Where the string "rmorphB" occurs in the material below, report the whole line.

*** Data ***

(* Conjugating a product at 1 / conj z and clearing denominators swaps the
   numerator and denominator factors of a Blaschke product. *)
Lemma reflect_prod_num s z : z != 0 ->
  z ^+ size s * (\prod_(x <- s) ((z^*)^-1 - x))^* = \prod_(x <- s) (1 - x^* * z).
Proof.
move=> z0; rewrite -iter_mulr_1 -count_predT -big_const_seq rmorph_prod -big_split.
by apply: eq_bigr => x _; rewrite rmorphB fmorphV /= conjCK; field.
Qed.

Lemma reflect_prod_den s z : z != 0 ->
  z ^+ size s * (\prod_(x <- s) (1 - x^* * (z^*)^-1))^* = \prod_(x <- s) (z - x).
Proof.
move=> z0; rewrite -iter_mulr_1 -count_predT -big_const_seq rmorph_prod -big_split.
by apply: eq_bigr => x _; rewrite rmorphB rmorphM fmorphV /= !conjCK rmorph1; field.
Qed.

(* Writing B = P / Q, mobius (- g) o B = (P + g Q) / (Q + g^* P). *)
Definition mobius_num u a g := blaschke_num u a + g *: blaschke_den a.

Section MobiusNum.
Variables (u g : R[i]) (a : seq R[i]).
Hypotheses (hu : `|u| = 1) (ha : all (fun x => `|x| < 1) a) (hg : `|g| < 1).

Let u_neq0 : u != 0. Proof. by rewrite -normr_eq0 hu oner_eq0. Qed.

Lemma horner_mobius_num z :
  (mobius_num u a g).[z] = (blaschke_num u a).[z] + g * (blaschke_den a).[z].
Proof. by rewrite /mobius_num hornerD [(g *: _).[z]]hornerZ. Qed.

Lemma size_mobius_num : size (mobius_num u a g) = (size a).+1.
Proof.
have top_neq0 : (mobius_num u a g)`_(size a) != 0.
  rewrite coefD coef_blaschke_num coefZ coef_blaschke_den; apply/eqP => /eqP.
  rewrite addr_eq0 => /eqP /(congr1 Num.norm); rewrite normrN hu normrM normr_prod.
  apply/eqP; rewrite gt_eqF // (le_lt_trans _ hg) // ler_piMr //.
  rewrite big_seq prodr_ile1 // => x xa.
  by rewrite normr_ge0 normrN norm_conjC ltW //= (allP ha).
apply/anti_leq/andP; split; last first.
  by rewrite ltnNge; apply: contra top_neq0 => /leq_sizeP ->.
rewrite (leq_trans (size_polyD _ _)) // geq_max size_blaschke_num // leqnn /=.
by rewrite (leq_trans (size_scale_leq _ _)) ?size_blaschke_den.
Qed.

Lemma mobius_num_root_disc r : root (mobius_num u a g) r -> `|r| < 1.
Proof.
apply: contraTT; rewrite -real_leNgt ?real1 ?normr_real // => hr.
rewrite /root horner_mobius_num addr_eq0.
have P0 : (blaschke_num u a).[r] != 0.
  rewrite horner_blaschke_num mulf_neq0 ?u_neq0 // prodf_seq_neq0.
  apply/allP => x xa /=; rewrite subr_eq0.
  by apply: contraTneq hr => ->; rewrite lt_geF // (allP ha).
have QP : `|(blaschke_den a).[r]| <= `|(blaschke_num u a).[r]|.
  rewrite horner_blaschke_num horner_blaschke_den normrM hu mul1r !normr_prod.
  rewrite big_seq [leRHS]big_seq ler_prod // => x xa.
  by rewrite normr_ge0 mobius_den_le // ltW // (allP ha).
have gQP : `|g * (blaschke_den a).[r]| < `|(blaschke_num u a).[r]|.
  by rewrite normrM (le_lt_trans (ler_wpM2l (normr_ge0 g) QP)) // gtr_pMl ?normr_gt0.
by apply: contraTneq gQP => ->; rewrite normrN ltxx.
Qed.

(* Reflection in the unit circle turns P + g Q into Q + g^* P. *)
Lemma mobius_num_reflect c rs z :
  (forall y, (mobius_num u a g).[y] = c * \prod_(r <- rs) (y - r)) ->
  size rs = size a -> z != 0 ->
  (blaschke_den a).[z] + g^* * (blaschke_num u a).[z] =
    u * c^* * \prod_(r <- rs) (1 - r^* * z).
Proof.
move=> hornerN srs z0; have u_unit : u * u^* = 1 by rewrite -normCK hu expr1n.
have := congr1 (fun y => z ^+ size a * y^*) (hornerN (z^*)^-1).
rewrite /= horner_mobius_num horner_blaschke_num horner_blaschke_den.
rewrite rmorphD !rmorphM /= mulrDr !(mulrCA (z ^+ _)).
rewrite reflect_prod_num // reflect_prod_den // -srs reflect_prod_num // => E.
rewrite horner_blaschke_den horner_blaschke_num -mulrA -E mulrDr.
by rewrite [u * (u^* * _)]mulrA u_unit mul1r mulrCA.
Qed.

End MobiusNum.

Lemma mobius_blaschke (u g : R[i]) (a : seq R[i]) :
  `|u| = 1 -> all (fun x => `|x| < 1) a -> `|g| < 1 ->
  exists (v : R[i]) (b : seq R[i]),
    [/\ `|v| = 1, size b = size a, all (fun x => `|x| < 1) b &
      forall z, z != 0 -> `|z| < 1 -> blaschke v b z = mobius (- g) (blaschke u a z)].
Proof.
move=> hu ha hg; set N := mobius_num u a g.
(* the zeros of the composite are the roots of N *)
have [rs Nrs] := closed_field_poly_normal N; set c := lead_coef N in Nrs.
have c0 : c != 0 by rewrite lead_coef_eq0 -size_poly_eq0 size_mobius_num.
have srs : size rs = size a.
  have := size_mobius_num hu ha hg.
  by rewrite -/N Nrs size_scale // size_prod_XsubC => -[].
have hornerN z : N.[z] = c * \prod_(r <- rs) (z - r).
  by rewrite Nrs hornerZ horner_prod; under eq_bigr do rewrite hornerXsubC.
have rs_disc : all (fun x => `|x| < 1) rs.
  apply/allP => r rr; apply: (mobius_num_root_disc hu ha hg).
  rewrite /root -/N hornerN mulf_eq0 prodf_seq_eq0; apply/orP; right.
  by apply/hasP; exists r => //=; rewrite subrr.
have u0 : u != 0 by rewrite -normr_eq0 hu oner_eq0.
have uc0 : u * c^* != 0 by rewrite mulf_neq0 ?conjC_eq0.
exists (c / (u * c^*)), rs; split => //.
  by rewrite normf_div normrM norm_conjC hu mul1r divff ?normr_eq0.
move=> z z0 hz.
have Q0 := blaschke_den_neq0 ha (ltW hz).
have D0 := blaschke_den_neq0 rs_disc (ltW hz).
rewrite horner_blaschke_den in D0.
have eN : \prod_(r <- rs) (z - r) = N.[z] / c by rewrite hornerN [c * _]mulrC mulfK.
have eD : \prod_(r <- rs) (1 - r^* * z) =
    ((blaschke_den a).[z] + g^* * (blaschke_num u a).[z]) / (u * c^*).
  by rewrite (mobius_num_reflect hu hornerN) // [_ * \prod_(r <- rs) _]mulrC mulfK.
have QP0 : (blaschke_den a).[z] + g^* * (blaschke_num u a).[z] != 0.
  by apply: contra D0; rewrite eD => /eqP ->; rewrite mul0r.
rewrite [blaschke u a z]blaschkeE /blaschke prodf_div eN eD horner_mobius_num.
rewrite /mobius opprK rmorphN /= mulNr opprK.
by field; apply/and5P; split; rewrite ?conjC_eq0.
Qed.

End BlaschkeMobius.

Section ComplexLimits.
Variable R : realType.
Implicit Types (F G : R -> R[i]) (s : R).

Lemma norm_real_complex (x : R) : `|(x%:C)%C| = (`|x|%:C)%C :> R[i].
Proof. by rewrite normc_def /= expr0n addr0 sqrtr_sqr. Qed.

Lemma ltr0c (x : R) : (0 < (x%:C)%C :> R[i]) = (0 < x).
Proof. exact: (ltcR 0 x). Qed.

Lemma ltrc1 (x : R) : ((x%:C)%C < 1 :> R[i]) = (x < 1).
Proof. exact: (ltcR x 1). Qed.

(* The norm of R[i] is R[i]-valued; order limits are taken on its real part. *)
Lemma norm_Re_norm (z : R[i]) : `|z| = ((complex.Re `|z|)%:C)%C.
Proof. by rewrite RRe_real ?normr_real. Qed.

Section FilterLimits.
Context {T : Type} {D : set_system T} {FD : Filter D}.

Lemma cvg_conjC (f : T -> R[i]) l : f @ D --> l -> (fun t => (f t)^*) @ D --> l^*.
Proof.
move=> fl; apply/cvgrPdist_lt => e e0; near=> t.
by rewrite -rmorphB norm_conjC; near: t; apply: cvgr_dist_lt.
Unshelve. all: by end_near.
Qed.

Lemma cvg_Re_norm (f : T -> R[i]) l :
  f @ D --> l -> (fun t => complex.Re `|f t|) @ D --> complex.Re `|l|.
Proof.
move=> fl; apply/cvgrPdist_lt => e e0; near=> t.
rewrite -raddfB -ltcR (le_lt_trans (normc_ge_Re _)) //.
rewrite (le_lt_trans (ler_dist_dist _ _)) //; near: t.
by apply: cvgr_dist_lt; [exact: fl | rewrite ltr0c].
Unshelve. all: by end_near.
Qed.

End FilterLimits.

Lemma continuous_real_complex : continuous (fun s : R => (s%:C)%C : R[i]).
Proof.
move=> s; apply/cvgrPdist_lt => e e0.
have eE : e = ((complex.Re e)%:C)%C by rewrite RRe_real ?gtr0_real.
near=> t; rewrite -rmorphB norm_real_complex eE ltcR; near: t.
by apply: cvgr_dist_lt; [exact: cvg_id | rewrite -ltcR -eE].
Unshelve. all: by end_near.
Qed.

Lemma continuous_mobius F G s : 1 - (F s)^* * G s != 0 ->
  {for s, continuous F} -> {for s, continuous G} ->
  {for s, continuous (fun t => mobius (F t) (G t))}.
Proof.
move=> hd cF cG.
have cden : {for s, continuous (fun t => 1 - (F t)^* * G t)}.
  exact: cvgB (cvg_cst _) (cvgM (cvg_conjC cF) cG).
exact: cvgM (cvgB cG cF) (cvgV hd cden).
Qed.

Lemma norm_le_at_right F G s :
  {for s, continuous F} -> {for s, continuous G} ->
  (\forall t \near s^'+, `|F t| <= `|G t|) -> `|F s| <= `|G s|.
Proof.
move=> cF cG FG; rewrite [`|F s|]norm_Re_norm [`|G s|]norm_Re_norm lecR.
apply: (ler_cvg_to (cvg_at_right_filter (cvg_Re_norm cF))
  (cvg_at_right_filter (cvg_Re_norm cG))).
by near do rewrite -lecR -!norm_Re_norm.
Unshelve. all: by end_near.
Qed.

Lemma norm_lt1_near F s : {for s, continuous F} -> `|F s| < 1 ->
  \forall t \near s, `|F t| < 1.
Proof.
move=> cF; rewrite norm_Re_norm ltrc1 => F1.
near=> t; rewrite norm_Re_norm ltrc1; near: t.
by apply: cvgr_lt F1; apply: cvg_Re_norm.
Unshelve. all: by end_near.
Qed.

End ComplexLimits.

Section LeftEndpoint.
Variable R : realType.

Lemma exists_left_endpoint (P : R -> Prop) (L : R) : 0 < L -> P 1 ->
  (forall s, 0 < s -> s <= 1 -> P s -> \forall t \near s, P t) ->
  (forall s, 0 < s -> P s -> L <= s) ->
  exists r, [/\ 0 < r, r < 1, ~ P r & forall s, r < s -> s <= 1 -> P s].
Proof.
move=> L0 P1 Popen PL.
pose S := [set t | [/\ 0 < t, t <= 1 & forall s, t <= s -> s <= 1 -> P s]].
have S1 : S 1 by split=> // s s1 s1'; have -> : s = 1 by apply/le_anti/andP.
have SL t : S t -> L <= t by case=> t0 t1 Pt; apply: PL (Pt t _ _).
have Sinf : has_inf S by split; [exists 1 | exists L => t /SL].
pose r := inf S.
have r_le t : S t -> r <= t by apply: ge_inf; case: Sinf.
have Lr : L <= r by apply: lb_le_inf; [exists 1 | move=> t /SL].
have above s : r < s -> s <= 1 -> P s.
  move=> rs s1; have [|t [_ _ Pt] ts] := @inf_adherent _ S (s - r) _ Sinf.
    by rewrite subr_gt0.
  by apply: Pt => //; rewrite -/r in ts; lra.
have below t : 0 < t -> t <= 1 -> (forall s, t <= s -> s <= 1 -> P s) -> r < t.
  move=> t0 t1 Pt; have /nbhs_ballP [d d0 Pd] := Popen t t0 t1 (Pt t (lexx t) t1).
  have m0 : 0 < Num.min d t by rewrite lt_min d0 t0.
  have [md mt] : Num.min d t <= d /\ Num.min d t <= t by rewrite !ge_min !lexx orbT.
  pose t' := t - Num.min d t / 2.
  have St' : S t'.
    split; [by rewrite /t'; lra | by rewrite /t'; lra |] => s ts s1.
    have [st|st] := leP t s; first exact: Pt.
    apply: Pd; rewrite -ball_normE /ball_ /= ger0_norm; rewrite /t' in ts; lra.
  by apply: (le_lt_trans (r_le t' St')); rewrite /t'; lra.
have r1 : r < 1 by case: S1; apply: below.
have r0 : 0 < r := lt_le_trans L0 Lr.
exists r; split => // Pr.
suff : r < r by rewrite ltxx.
apply: below => //; first exact: ltW.
move=> s; rewrite le_eqVlt => /orP [/eqP <- //|]; exact: above.
Qed.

*** End of Data ***

→ **Finished exercise**:
by apply: eq_bigr => x _; rewrite rmorphB fmorphV /= conjCK; field.
by apply: eq_bigr => x _; rewrite rmorphB rmorphM fmorphV /= !conjCK rmorph1; field.
by rewrite -rmorphB norm_conjC; near: t; apply: cvgr_dist_lt.
near=> t; rewrite -rmorphB norm_real_complex eE ltcR; near: t.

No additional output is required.